Crowdstrike’s Journey From S3 Dependency to Massive Scale Data Sovereignty

When you get to the heart of why many companies leave the cloud it’s often because of expense. But for security behemoth Crowdstrike, the reasons were far more complex, prompting a brilliant rethink of how to (re)build for scale from the ground up.

Appearing in front of a packed crowd at VAST FWD 2026, Guy Lawless, Senior Director of Production Systems at Cloudstrike went way beyond trimming cloud spend and shifting cold data to cheaper tiers. The tale he told is of a security platform that grew fast enough, ingested enough data, and bound itself tightly enough to S3 semantics that its own success forced a way deeper architectural break.

As Lawless explained, the problem wasn’t storage cost alone but that the system supporting the business could no longer behave as, well, a system.

By the time CrowdStrike crossed into tens of thousands of nodes, it was suddenly in new territory where it was competing with hyperscalers for power, space, and supply. It was at this point when the real issue surfaced. Their breadth applications were built around S3 and their growth depended on ever-expanding data retention and analytics, and their economics continued growth depended on escaping that very platform without rewriting everything above it.

As Lawless outlined, that is the kind of constraint that does not get solved with a storage swap, meaning what he presented at FWD was far less of a migration story and more a case study of what happens when cloud-native architecture hits the limits of its own abstraction and has to be rebuilt, underneath itself, without breaking.

What became abundantly clear was that while it was a going concern, the breaking point wasn’t cost, it was actually coordination.

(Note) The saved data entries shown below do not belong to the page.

(* Let $G_1,\dots,G_k$ be connected graphs, each with at least $2$ vertices. Then $$\gamma(G_1\times G_2\times\cdots\times G_k)=\frac{1}{\sum_{i=1}^k \frac{1}{\gamma(G_i)}}.$$
   Context: For a finite simple undirected graph $G$ with $n$ vertices, let $\mathcal{F}=\{x\in\mathbb{R}^{V(G)} : \sum_{v} x_v = 0,\ \|x\|_\infty = 1\}$, for $x\in\mathcal{F}$ let $\gamma_x(G)=\max_{uv\in E(G)}|x_u-x_v|$, and $\gamma(G)=\min_{x\in\mathcal{F}}\gamma_x(G)$. The Cartesian product $G_1\times\cdots\times G_k$ has vertex set $V(G_1)\times\cdots\times V(G_k)$, with $(u_1,\dots,u_k)\sim(v_1,\dots,v_k)$ iff there is exactly one index $i$ with $u_i\sim v_i$ in $G_i$ and $u_j=v_j$ for all $j\ne i$. *)

From HB Require Import structures.
From mathcomp Require Import all_boot all_order all_algebra.
From mathcomp Require Import boolp classical_sets reals.
Set Implicit Arguments. Unset Strict Implicit. Unset Printing Implicit Defensive.
Import Order.TTheory GRing.Theory Num.Theory.
Local Open Scope ring_scope.
Local Open Scope classical_set_scope.

(* A finite simple graph: vertex type T : finType, edge relation e : rel T,
   assumed symmetric and irreflexive (as hypotheses of the theorem). *)

Section Gamma.
Variables (R : realType) (T : finType) (e : rel T).

Definition gamma_x (x : T -> R) : R :=
  \big[Order.max/0]_(p : T * T | e p.1 p.2) `|x p.1 - x p.2|.

Definition supnorm (x : T -> R) : R := \big[Order.max/0]_(v : T) `|x v|.

Definition feasible (x : T -> R) : Prop :=
  \sum_(v : T) x v = 0 /\ supnorm x = 1.

(* gamma(G) = min_{x in F} gamma_x(G) (the minimum is attained, so inf = min) *)
Definition gamma : R := inf [set gamma_x x | x in feasible].
End Gamma.

Definition cart_rel (k : nat) (T : 'I_k -> finType) (e : forall i, rel (T i))
  : rel {dffun forall i : 'I_k, T i} :=
  fun u v => [exists i : 'I_k, e i (u i) (v i) &&
                [forall j : 'I_k, (j != i) ==> (u j == v j)]].

From HB Require Import structures.
From mathcomp Require Import all_boot all_order all_algebra.
From mathcomp Require Import boolp classical_sets reals.
From mathcomp Require Import lra.
Set Implicit Arguments. Unset Strict Implicit. Unset Printing Implicit Defensive.
Import Order.TTheory GRing.Theory Num.Theory.
Local Open Scope ring_scope.
Local Open Scope classical_set_scope.
(* Let $\mathcal{C}$ be a covering of a finite set $E$ and let $K\in\mathcal{C}$ be reducible in $\mathcal{C}$. If $XH$ induced by $\mathcal{C}$ is the closure operator of a matroid on $E$, then $XH$ induced by $\mathcal{C}-\{K\}$ is also the closure operator of a matroid on $E$, and $\mathcal{I}_{XH}(\mathcal{C})=\mathcal{I}_{XH}(\mathcal{C}-\{K\})$ and $\mathcal{L}_{XH}(M(\mathcal{C}))=\mathcal{L}_{XH}(M(\mathcal{C}-\{K\}))$.
   Context: A covering of $E$ is a family of nonempty subsets of $E$ with union $E$. $K\in\mathcal{C}$ is reducible in $\mathcal{C}$ if $K$ is a union of some sets in $\mathcal{C}-\{K\}$. For a covering $\mathcal{D}$ and $x\in E$, $N_{\mathcal{D}}(x)=\bigcap\{K\in\mathcal{D}:x\in K\}$ and $XH$ induced by $\mathcal{D}$ is $XH(X)=\{x:N_{\mathcal{D}}(x)\cap X\neq\emptyset\}$. When $XH$ induced by $\mathcal{D}$ is the closure operator of a matroid (closure $cl(X)=\{a:r(X\cup\{a\})=r(X)\}$), $\mathcal{I}_{XH}(\mathcal{D})=\{I\subseteq E:x\notin XH(I-\{x\})\ \forall x\in I\}$ is its family of independent sets and $\mathcal{L}_{XH}(M(\mathcal{D}))=\{X:XH(X)=X\}$ its set of closed sets. *)

From mathcomp Require Import all_boot.
Set Implicit Arguments. Unset Strict Implicit. Unset Printing Implicit Defensive.

Section Defs.
Variable E : finType.

Definition covering (C : {set {set E}}) : Prop :=
  (forall K, K \in C -> K != set0) /\ \bigcup_(K in C) K = [set: E].

Definition reducible (C : {set {set E}}) (K : {set E}) : Prop :=
  K \in C /\ exists D : {set {set E}}, D \subset C :\ K /\ K = \bigcup_(A in D) A.

Definition Nbh (D : {set {set E}}) (x : E) : {set E} :=
  \bigcap_(K in D | x \in K) K.

Definition XH (D : {set {set E}}) (X : {set E}) : {set E} :=
  [set x | Nbh D x :&: X != set0].

Definition is_matroid (I : {set {set E}}) : Prop :=
  [/\ set0 \in I,
      (forall A B : {set E}, B \in I -> A \subset B -> A \in I) &
      (forall A B : {set E}, A \in I -> B \in I -> #|A| < #|B| ->
         exists2 e, e \in B :\: A & e |: A \in I)].

Definition mrank (I : {set {set E}}) (X : {set E}) : nat :=
  \max_(J in I | J \subset X) #|J|.

Definition mclosure (I : {set {set E}}) (X : {set E}) : {set E} :=
  [set a | mrank I (a |: X) == mrank I X].

Definition is_matroid_closure (f : {set E} -> {set E}) : Prop :=
  exists I : {set {set E}}, is_matroid I /\ forall X, mclosure I X = f X.

Definition I_XH (D : {set {set E}}) : {set {set E}} :=
  [set I : {set E} | [forall x in I, x \notin XH D (I :\ x)]].

Definition L_XH (D : {set {set E}}) : {set {set E}} :=
  [set X : {set E} | XH D X == X].

End Defs.

From mathcomp Require Import all_boot.
Set Implicit Arguments. Unset Strict Implicit. Unset Printing Implicit Defensive.

(* Removing a reducible set K from C changes no neighborhood N(x): if x is in
   K = \bigcup D with D a family of members of C - {K}, then x lies in some
   B in D, and B is a subset of K, so K was redundant in the intersection
   N(x) anyway.  Hence XH, and everything defined from it, is unchanged. *)

Section ReducibleRemoval.
Variables (E : finType) (C : {set {set E}}) (K : {set E}).
Hypothesis redK : reducible C K.

Lemma Nbh_setD1_reducible x : Nbh C x = Nbh (C :\ K) x.
Proof.
case: redK => _ [D [sDCK defK]]; apply/setP=> y; rewrite /Nbh.
apply/bigcapP/bigcapP=> [yNC A | yNCK A /andP[AinC xA]].
  by rewrite in_setD1 -andbA => /and3P[_ AinC xA]; apply: yNC; rewrite AinC.
have [eqAK|neAK] := eqVneq A K; last by apply: yNCK; rewrite !inE neAK AinC.
move: xA; rewrite eqAK defK => /bigcupP[B BD xB].
have BinCK : B \in C :\ K by apply: (subsetP sDCK).
by apply/bigcupP; exists B => //; apply: yNCK; rewrite BinCK.
Qed.

Lemma XH_setD1_reducible X : XH C X = XH (C :\ K) X.
Proof. by apply/setP=> x; rewrite !inE Nbh_setD1_reducible. Qed.

End ReducibleRemoval.

Section XHExtensionality.
Variables (E : finType) (C D : {set {set E}}).
Hypothesis eqXH : forall X, XH C X = XH D X.

Lemma eq_is_matroid_closure_XH :
  is_matroid_closure (XH C) -> is_matroid_closure (XH D).
Proof. by case=> I [matI clI]; exists I; split=> // X; rewrite clI eqXH. Qed.

Lemma eq_I_XH : I_XH C = I_XH D.
Proof. by apply/setP=> I; rewrite !inE; apply: eq_forallb=> x; rewrite eqXH. Qed.

Lemma eq_L_XH : L_XH C = L_XH D.
Proof. by apply/setP=> X; rewrite !inE eqXH. Qed.

End XHExtensionality.

Theorem theorem17 (E : finType) (C : {set {set E}}) (K : {set E}) :
  covering C -> reducible C K -> is_matroid_closure (XH C) ->
  [/\ is_matroid_closure (XH (C :\ K)),
      I_XH C = I_XH (C :\ K) &
      L_XH C = L_XH (C :\ K)].
Proof.
move=> _ redK clC; have eqXH := XH_setD1_reducible redK.
split; [exact: eq_is_matroid_closure_XH clC | exact: eq_I_XH | exact: eq_L_XH].
Qed.
Lemma orbit_dist_rel_edge_le : exists E, 0 <= E /\ forall a b,
  rel_edge mul inv H S a b -> d (act a x0) (act b x0) <= E.
Proof.
have [M [hM hMS]] := list_real_bounded (fun s => d x0 (act s x0)) S.
pose E0 := K * r0 + 2 * A.
have hE0 : 0 <= E0 := orbit_coset_radius_ge0.
have hKM : 0 <= K * M by apply: mulr_ge0 => //; have := qa_K_ge1; lra.
exists (E0 + (K * M + 2 * A) + E0); split; first by have := qa_A_ge0; lra.
move=> a b [g [s [hs hc]]].
have hgs : d (act g x0) (act (mul g s) x0) <= K * M + 2 * A.
  have := orbit_dist_le g (mul g s); rewrite mulKg.
  by have := mulK_dist_le (hMS _ hs); lra.
case: hc => [[h1 h2]|[h1 h2]].
  have := orbit_dist_same_coset h1.
  have := orbit_dist_same_coset (same_coset_sym HH h2).
  have := dist_triangle (act a x0) (act g x0) (act b x0).
  have := dist_triangle (act g x0) (act (mul g s) x0) (act b x0).
  rewrite /E0; lra.
have := orbit_dist_same_coset h2.
have := orbit_dist_same_coset (same_coset_sym HH h1).
have := dist_triangle (act a x0) (act (mul g s) x0) (act b x0).
have := dist_triangle (act (mul g s) x0) (act g x0) (act b x0).
rewrite dist_sym in hgs; rewrite /E0; lra.
Qed.

Lemma orbit_dist_rel_path_le : exists C, 1 <= C /\ forall n a b,
  rel_path n a b -> d (act a x0) (act b x0) <= n%:R * C + C.
Proof.
have [E [hE hedge]] := orbit_dist_rel_edge_le.
have hr := orbit_coset_radius_ge0.
exists (E + (K * r0 + 2 * A) + 1); split; first lra.
elim=> [|n IH] a b /=.
  by move=> /orbit_dist_same_coset; rewrite mul0r add0r; lra.
case=> c [/IH hac /hedge hcb].
have := dist_triangle (act a x0) (act c x0) (act b x0).
rewrite -natr1; lra.
Qed.

Lemma coarse_map_lower_bound : exists L, 0 < L /\ forall x y,
  d x y <= L * rel_word_dist (f x) (f y) + L.
Proof.
have [C [hC hpath]] := orbit_dist_rel_path_le.
have hrc := rc_ge0.
exists (C + 2 * rc); split; first lra.
move=> x y; apply: rel_word_dist_affine_ge; [lra|exact: rel_path_exists|].
move=> n /hpath hn; have := mulr_ge0 (ler0n R n) hrc.
have := dist_triangle x (act (f x) x0) y.
have := dist_triangle (act (f x) x0) (act (f y) x0) y.
have := Hf x; rewrite dist_sym; have := Hf y.
lra.
Qed.

Lemma coarse_map_upper_bound : exists L, 0 <= L /\ forall x y,
  rel_word_dist (f x) (f y) <= L * d x y + L.
Proof.
have hr : 0 <= 2 * rc + A' := addr_ge0 (mulr_ge0 (ler0n R 2) rc_ge0) HA'.
have [N hN] := orbit_close_rel_path (2 * rc + (K' + A')).
have hN0 := ler0n R N.
have hNK : 0 <= N%:R * K' := mulr_ge0 hN0 HK'.
have hL2 : 0 <= N%:R * (K' * (2 * rc + A') + 1) :=
  mulr_ge0 hN0 (addr_ge0 (mulr_ge0 HK' hr) ler01).
exists (N%:R * K' + N%:R * (K' * (2 * rc + A') + 1)); split.
  exact: addr_ge0.
move=> x y; have [n [q [hn [q0 [qn hq]]]]] := orbit_chain (f x) (f y).
have [m [hm]] := rel_path_chain HH (fun j => hN _ _ (hq j)) n.
rewrite q0 qn => /rel_word_dist_le_path /le_trans; apply.
have hfxy : d (act (f x) x0) (act (f y) x0) <= 2 * rc + d x y.
  have := dist_triangle (act (f x) x0) x (act (f y) x0).
  have := dist_triangle x y (act (f y) x0).
  by have := Hf x; have := Hf y; rewrite dist_sym; lra.
have := ler_wpM2r hN0 hn; have := ler_wpM2l hNK hfxy.
have := mulr_ge0 hL2 (dist_ge0 x y).
by move: hm; rewrite -(ler_nat R) natrM; lra.
Qed.

Lemma coarse_map_dense : exists L, 0 <= L /\ forall g,
  rel_word_dist (f (act g x0)) g <= L.
Proof.
have [N hN] := orbit_close_rel_path rc.
exists N%:R; split => // g; have [m [hm hp]] := hN _ _ (Hf (act g x0)).
by apply: le_trans (rel_word_dist_le_path R hp) _; rewrite ler_nat.
Qed.

Lemma coarse_map_equivariant : exists C, forall g x,
  rel_word_dist (mul g (f x)) (f (act g x)) <= C.
Proof.
have [N hN] := orbit_close_rel_path (A + (K * rc + A) + rc).
exists N%:R => g x; have [m [hm hp]] : exists m, (m <= N)%N /\
    rel_path m (mul g (f x)) (f (act g x)).
  apply: hN.
  have := dist_triangle (act (mul g (f x)) x0) (act g (act (f x) x0))
    (act (f (act g x)) x0).
  have := dist_triangle (act g (act (f x) x0)) (act g x) (act (f (act g x)) x0).
  have := Hcomp (f x) g x0; rewrite dist_sym.
  have := act_dist_le g (act (f x) x0) x; have := mulK_dist_le (Hf x).
  have := Hf (act g x); rewrite dist_sym.
  lra.
by apply: le_trans (rel_word_dist_le_path R hp) _; rewrite ler_nat.
Qed.

Lemma coarse_map_quasi_conj : quasi_conj_to_cosets mul inv d act H S.
Proof.
have [L1 [hL1 hlow]] := coarse_map_lower_bound.
have [L2 [hL2 hup]] := coarse_map_upper_bound.
have [L3 [hL3 hdense]] := coarse_map_dense.
pose L := 1 + L1 + L2 + L3.
exists f, L, L; split; last exact: coarse_map_equivariant.
apply: is_qi_of_bounds => [|x y|x y|g]; first by rewrite /L; lra.
- have hd := rel_word_dist_ge0 R (rel_path_exists (f x) (f y)).
  by apply: le_trans (hlow x y) (ler_affine hd _); rewrite /L; lra.
- by apply: le_trans (hup x y) (ler_affine (dist_ge0 x y) _); rewrite /L; lra.
- by exists (act g x0); apply: le_trans (hdense g) _; rewrite /L; lra.
Qed.

End RelativeWordMetric.
End QuasiAction.
End Group.

Theorem propositionE (R : realType) (G : Type) (mul : G -> G -> G) (e : G)
  (inv : G -> G) (HG : is_group mul e inv)
  (X : Type) (d : X -> X -> R) (Hd : is_metric d) (Hqg : quasi_geodesic d)
  (act : G -> X -> X) (Hqa : quasi_action mul e d act) (Hcob : cobounded d act)
  (H : G -> Prop) (HH : coarse_stabiliser mul e inv d act H) :
  rel_fin_gen mul e inv H /\
  commensurated mul inv H /\
  (forall S : list G, rel_gen_set mul e inv H S ->
     quasi_conj_to_cosets mul inv d act H S).
Proof.
have [K [A [Hqi Hcomp Hid]]] := Hqa.
case: HH => HHs [x0 [r0 Hbd]] Hcov.
have [rc Hrc] := Hcob.
have [f Hf] := boolp.choice (fun x => Hrc x0 x).
have [K' [A' [HK' [HA' Hchain]]]] := quasi_geodesic_chain Hqg.
split; [|split].
- exact (coarse_stabiliser_rel_fin_gen HG Hd Hqi Hcomp Hid Hcov Hf Hchain).
- exact (coarse_stabiliser_commensurated HG Hd Hqi Hcomp HHs Hbd Hcov).
- move=> S HS.
  exact (coarse_map_quasi_conj HG Hd Hqi Hcomp Hid HHs Hbd Hcov Hf HK' HA'
    Hchain HS).
Qed.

This is a familiar problem at scale because if you think about it, CrowdStrike did what every successful SaaS company of the last decade was supposed to do. They built cloud-first, scaled fast, and let AWS absorb the early complexity of infrastructure. And for a long time, that model worked exactly as advertised, Lawless says. But new customers meant more data, more endpoints, more telemetry, and the system expanded cleanly alongside it. As time and growth continued, those very properties that made that growth possible began to turn against the systems team as the volume of data, the retention windows, and the analytical demands of the platform all expanded at once.

While the coordination and infrastructure solutions are the story here, cost was always a going concern. Crowdstrike needed to reach a margin profile that would sustain it as a public entity, which meant pulling high-cost workloads out of the cloud. The most important work for this shift were applications where data shuttled around the most and where analysis was most intensive, the exact places where cloud abstractions tend to hide their true cost. As those workloads grew, cost scaled with them in a way that was no longer linear or predictable, Lawless explained.

What made this harder (and what makes this story more than a cost optimization exercise) is that S3 (which again, everything was built on) wasn’t a backend service that could just be swapped out. It was the literal connective tissue across microservices and as Lawless details, the underlying assumption embedded in everything from how data was written, retrieved, and processed across the entire platform. In short, cutting cost meant preserving the semantics while relocating the infrastructure underneath.

For Lawless and team, it was no longer about moving data to a cheaper place, it was much more about maintaining a coherent system while removing one of its foundational dependencies. He reminded the crowd that the cloud hadn’t failed them, it was just too central to extract cleanly.

The shift from a few thousand nodes to a few hundred thousand is where things got really interesting.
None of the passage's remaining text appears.